Records shown START

(* Under CH the first element with an uncountable initial segment is mapped injectively
   below itself, which makes every initial segment countable. *)
Lemma CH_omega1_order : CH ->
  exists lt : R -> R -> Prop, strict_well_order lt /\ forall t, countable (fun s => lt s t).
Proof.
  intros ch. destruct (exists_strict_well_order R) as [lt0 Hlt0].
  destruct (classic (forall t, countable (fun s => lt0 s t))) as [Hall | Hsome].
  { now exists lt0. }
  apply not_all_ex_not in Hsome as [p0 Hp0].
  destruct (well_founded_minimal lt0 (fun t => ~ countable (fun s => lt0 s t)) (proj1 Hlt0) p0 Hp0)
    as [p [Hp Hpmin]].
  destruct (ch (fun s => lt0 s p)) as [Hc | [g [Hgp Hg]]]; [contradiction|].
  assert (Hginj : forall x y, g x = g y -> x = y) by (intros x y; now apply Hg).
  exists (fun x y => lt0 (g x) (g y)). split.
  - now apply strict_well_order_inverse_image.
  - intros t. destruct (NNPP _ (Hpmin (g t) (Hgp t I))) as [h [_ Hh]].
    exists (fun s => h (g s)). split; [auto|].
    intros x y Hx Hy E. now apply Hginj, Hh.
Qed.

Section Construction.
Variable C : (R -> Prop) -> Prop.
Hypothesis pm : point_meager C.
Hypothesis li : linearly_invariant C.
Hypothesis ab : abundant C (fun _ => True).
Variable Sing : R -> R -> Prop.
Hypothesis Sing_singular : forall t, singular C (Sing t).
Hypothesis Sing_cofinal : forall S, singular C S -> exists t, subset S (Sing t).
Variable lt : R -> R -> Prop.
Hypothesis lt_order : strict_well_order lt.
Hypothesis lt_countable : forall t, countable (fun s => lt s t).

Lemma enumerable_segment t : enumerable (fun s => lt s t).
Proof. apply countable_enumerable; [exact (inhabits 0) | apply lt_countable]. Qed.

Definition Sing_upto (t : R) : R -> Prop := fun z => exists s, (lt s t \/ s = t) /\ Sing s z.

Lemma Sing_upto_meager t : meager C (Sing_upto t).
Proof.
  destruct (enumerable_setU _ _ (enumerable_segment t) (enumerable_set1 t)) as [g Hg].
  apply (meager_subset C _ (fun z => exists n, Sing (g n) z)).
  - intros z (s & Hs & Hz). destruct (Hg s Hs) as [n <-]. now exists n.
  - apply meager_bigcup. intros n. apply singular_meager, Sing_singular.
Qed.

Lemma Sing_upto_mono s t z : lt s t -> Sing_upto s z -> Sing_upto t z.
Proof.
  intros Hst (r & Hr & Hz). exists r. split; auto. left.
  destruct Hr as [Hrs | ->]; auto. now apply (strict_well_order_trans lt lt_order r s t).
Qed.

Definition avoids (t : R) (X : R -> Prop) (a : R) : Prop :=
  forall e r, span X e -> rational r -> r <> 0 -> ~ Sing_upto t (e + r * a).

Definition admissible (t : R) (X Y : R -> Prop) (a b : R) : Prop :=
  ~ span (setU X Y) b /\ ~ span (setU (setU X Y) (set1 b)) a /\
  (exists e g, span (setU X (set1 a)) e /\ span (setU Y (set1 b)) g /\ t = e + g) /\
  avoids t X a /\ avoids t Y b.

Lemma admissible_in_span t X Y : enumerable X -> enumerable Y ->
  span (setU X Y) t -> exists a b, admissible t X Y a b.
Proof.
  intros HX HY Ht.
  destruct (exists_generic_point C pm li ab (Sing_upto t) (span (setU X Y))
    (Sing_upto_meager t) (enumerable_span _ (enumerable_setU _ _ HX HY))) as (b & Hb & Hbgen).
  destruct (exists_generic_point C pm li ab (Sing_upto t) (span (setU (setU X Y) (set1 b)))
    (Sing_upto_meager t)
    (enumerable_span _ (enumerable_setU _ _ (enumerable_setU _ _ HX HY) (enumerable_set1 b))))
    as (a & Ha & Hagen).
  exists a, b. split; [exact Hb | split; [exact Ha | split; [| split]]].
  - apply span_setU in Ht as (e & g & He & Hg & ->). exists e, g.
    split; [| split]; auto.
    + apply (span_mono X); auto. intros v Hv. now left.
    + apply (span_mono Y); auto. intros v Hv. now left.
  - intros e r He. apply Hagen. apply (span_mono X); auto.
    intros v Hv. left. now left.
  - intros g r Hg. apply Hbgen. apply (span_mono Y); auto. intros v Hv. now right.
Qed.

Lemma admissible_not_in_span t X Y : enumerable X -> enumerable Y ->
  ~ span (setU X Y) t -> exists a b, admissible t X Y a b.
Proof.
  intros HX HY Ht.
  set (K := span (setU (setU X Y) (set1 t))).
  destruct (exists_generic_point C pm li ab (Sing_upto t) K (Sing_upto_meager t)
    (enumerable_span _ (enumerable_setU _ _ (enumerable_setU _ _ HX HY) (enumerable_set1 t))))
    as (a & Ha & Hagen).
  assert (HXY : forall e, span (setU X Y) e -> K e).
  { intros e He. apply (span_mono (setU X Y)); auto. intros v Hv. now left. }
  exists a, (t - a). split; [| split; [| split; [| split]]].
  - intros Hb. apply Ha. apply span_setU1. exists (- (t - a)), 1.
    split; [| split; [apply rational1 | ring]].
    replace (- (t - a)) with (0 - (t - a)) by ring. apply span_sub; [constructor | exact Hb].
  - intros Hab. apply span_setU1 in Hab as (e & r & He & Hr & E).
    destruct (Req_dec (1 + r) 0) as [Hr1 | Hr1].
    + apply Ht. replace t with e by (assert (r = -1) by lra; subst r; lra). exact He.
    + apply Ha. apply span_setU1. exists (/ (1 + r) * e), (r / (1 + r)).
      assert (Hr1q : rational (1 + r)) by (apply rational_add; auto using rational1).
      split; [| split].
      * apply span_scale; auto. now apply rational_inv.
      * apply rational_mul; auto. now apply rational_inv.
      * apply Rmult_eq_reg_l with (1 + r); auto. field_simplify; auto. lra.
  - exists a, (t - a). split; [| split; [| ring]]; apply span_incl; now right.
  - intros e r He. apply Hagen. apply HXY, (span_mono X); auto. intros v Hv. now left.
  - intros g r Hg Hr Hr0 HM. apply (Hagen (g + r * t) (- r)).
    + apply span_add.
      * apply HXY, (span_mono Y); auto. intros v Hv. now right.
      * apply span_scale; auto. apply span_incl. now right.
    + now apply rational_opp.
    + lra.
    + replace (g + r * t + - r * a) with (g + r * (t - a)) by ring. exact HM.
Qed.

Records shown END

Hand back the listing exactly. Include every line.

• Task response:
(* Under CH the first element with an uncountable initial segment is mapped injectively
   below itself, which makes every initial segment countable. *)
Lemma CH_omega1_order : CH ->
  exists lt : R -> R -> Prop, strict_well_order lt /\ forall t, countable (fun s => lt s t).
Proof.
  intros ch. destruct (exists_strict_well_order R) as [lt0 Hlt0].
  destruct (classic (forall t, countable (fun s => lt0 s t))) as [Hall | Hsome].
  { now exists lt0. }
  apply not_all_ex_not in Hsome as [p0 Hp0].
  destruct (well_founded_minimal lt0 (fun t => ~ countable (fun s => lt0 s t)) (proj1 Hlt0) p0 Hp0)
    as [p [Hp Hpmin]].
  destruct (ch (fun s => lt0 s p)) as [Hc | [g [Hgp Hg]]]; [contradiction|].
  assert (Hginj : forall x y, g x = g y -> x = y) by (intros x y; now apply Hg).
  exists (fun x y => lt0 (g x) (g y)). split.
  - now apply strict_well_order_inverse_image.
  - intros t. destruct (NNPP _ (Hpmin (g t) (Hgp t I))) as [h [_ Hh]].
    exists (fun s => h (g s)). split; [auto|].
    intros x y Hx Hy E. now apply Hginj, Hh.
Qed.

Section Construction.
Variable C : (R -> Prop) -> Prop.
Hypothesis pm : point_meager C.
Hypothesis li : linearly_invariant C.
Hypothesis ab : abundant C (fun _ => True).
Variable Sing : R -> R -> Prop.
Hypothesis Sing_singular : forall t, singular C (Sing t).
Hypothesis Sing_cofinal : forall S, singular C S -> exists t, subset S (Sing t).
Variable lt : R -> R -> Prop.
Hypothesis lt_order : strict_well_order lt.
Hypothesis lt_countable : forall t, countable (fun s => lt s t).

Lemma enumerable_segment t : enumerable (fun s => lt s t).
Proof. apply countable_enumerable; [exact (inhabits 0) | apply lt_countable]. Qed.

Definition Sing_upto (t : R) : R -> Prop := fun z => exists s, (lt s t \/ s = t) /\ Sing s z.

Lemma Sing_upto_meager t : meager C (Sing_upto t).
Proof.
  destruct (enumerable_setU _ _ (enumerable_segment t) (enumerable_set1 t)) as [g Hg].
  apply (meager_subset C _ (fun z => exists n, Sing (g n) z)).
  - intros z (s & Hs & Hz). destruct (Hg s Hs) as [n <-]. now exists n.
  - apply meager_bigcup. intros n. apply singular_meager, Sing_singular.
Qed.

Lemma Sing_upto_mono s t z : lt s t -> Sing_upto s z -> Sing_upto t z.
Proof.
  intros Hst (r & Hr & Hz). exists r. split; auto. left.
  destruct Hr as [Hrs | ->]; auto. now apply (strict_well_order_trans lt lt_order r s t).
Qed.

Definition avoids (t : R) (X : R -> Prop) (a : R) : Prop :=
  forall e r, span X e -> rational r -> r <> 0 -> ~ Sing_upto t (e + r * a).

Definition admissible (t : R) (X Y : R -> Prop) (a b : R) : Prop :=
  ~ span (setU X Y) b /\ ~ span (setU (setU X Y) (set1 b)) a /\
  (exists e g, span (setU X (set1 a)) e /\ span (setU Y (set1 b)) g /\ t = e + g) /\
  avoids t X a /\ avoids t Y b.

Lemma admissible_in_span t X Y : enumerable X -> enumerable Y ->
  span (setU X Y) t -> exists a b, admissible t X Y a b.
Proof.
  intros HX HY Ht.
  destruct (exists_generic_point C pm li ab (Sing_upto t) (span (setU X Y))
    (Sing_upto_meager t) (enumerable_span _ (enumerable_setU _ _ HX HY))) as (b & Hb & Hbgen).
  destruct (exists_generic_point C pm li ab (Sing_upto t) (span (setU (setU X Y) (set1 b)))
    (Sing_upto_meager t)
    (enumerable_span _ (enumerable_setU _ _ (enumerable_setU _ _ HX HY) (enumerable_set1 b))))
    as (a & Ha & Hagen).
  exists a, b. split; [exact Hb | split; [exact Ha | split; [| split]]].
  - apply span_setU in Ht as (e & g & He & Hg & ->). exists e, g.
    split; [| split]; auto.
    + apply (span_mono X); auto. intros v Hv. now left.
    + apply (span_mono Y); auto. intros v Hv. now left.
  - intros e r He. apply Hagen. apply (span_mono X); auto.
    intros v Hv. left. now left.
  - intros g r Hg. apply Hbgen. apply (span_mono Y); auto. intros v Hv. now right.
Qed.

Lemma admissible_not_in_span t X Y : enumerable X -> enumerable Y ->
  ~ span (setU X Y) t -> exists a b, admissible t X Y a b.
Proof.
  intros HX HY Ht.
  set (K := span (setU (setU X Y) (set1 t))).
  destruct (exists_generic_point C pm li ab (Sing_upto t) K (Sing_upto_meager t)
    (enumerable_span _ (enumerable_setU _ _ (enumerable_setU _ _ HX HY) (enumerable_set1 t))))
    as (a & Ha & Hagen).
  assert (HXY : forall e, span (setU X Y) e -> K e).
  { intros e He. apply (span_mono (setU X Y)); auto. intros v Hv. now left. }
  exists a, (t - a). split; [| split; [| split; [| split]]].
  - intros Hb. apply Ha. apply span_setU1. exists (- (t - a)), 1.
    split; [| split; [apply rational1 | ring]].
    replace (- (t - a)) with (0 - (t - a)) by ring. apply span_sub; [constructor | exact Hb].
  - intros Hab. apply span_setU1 in Hab as (e & r & He & Hr & E).
    destruct (Req_dec (1 + r) 0) as [Hr1 | Hr1].
    + apply Ht. replace t with e by (assert (r = -1) by lra; subst r; lra). exact He.
    + apply Ha. apply span_setU1. exists (/ (1 + r) * e), (r / (1 + r)).
      assert (Hr1q : rational (1 + r)) by (apply rational_add; auto using rational1).
      split; [| split].
      * apply span_scale; auto. now apply rational_inv.
      * apply rational_mul; auto. now apply rational_inv.
      * apply Rmult_eq_reg_l with (1 + r); auto. field_simplify; auto. lra.
  - exists a, (t - a). split; [| split; [| ring]]; apply span_incl; now right.
  - intros e r He. apply Hagen. apply HXY, (span_mono X); auto. intros v Hv. now left.
  - intros g r Hg Hr Hr0 HM. apply (Hagen (g + r * t) (- r)).
    + apply span_add.
      * apply HXY, (span_mono Y); auto. intros v Hv. now right.
      * apply span_scale; auto. apply span_incl. now right.
    + now apply rational_opp.
    + lra.
    + replace (g + r * t + - r * a) with (g + r * (t - a)) by ring. exact HM.
Qed.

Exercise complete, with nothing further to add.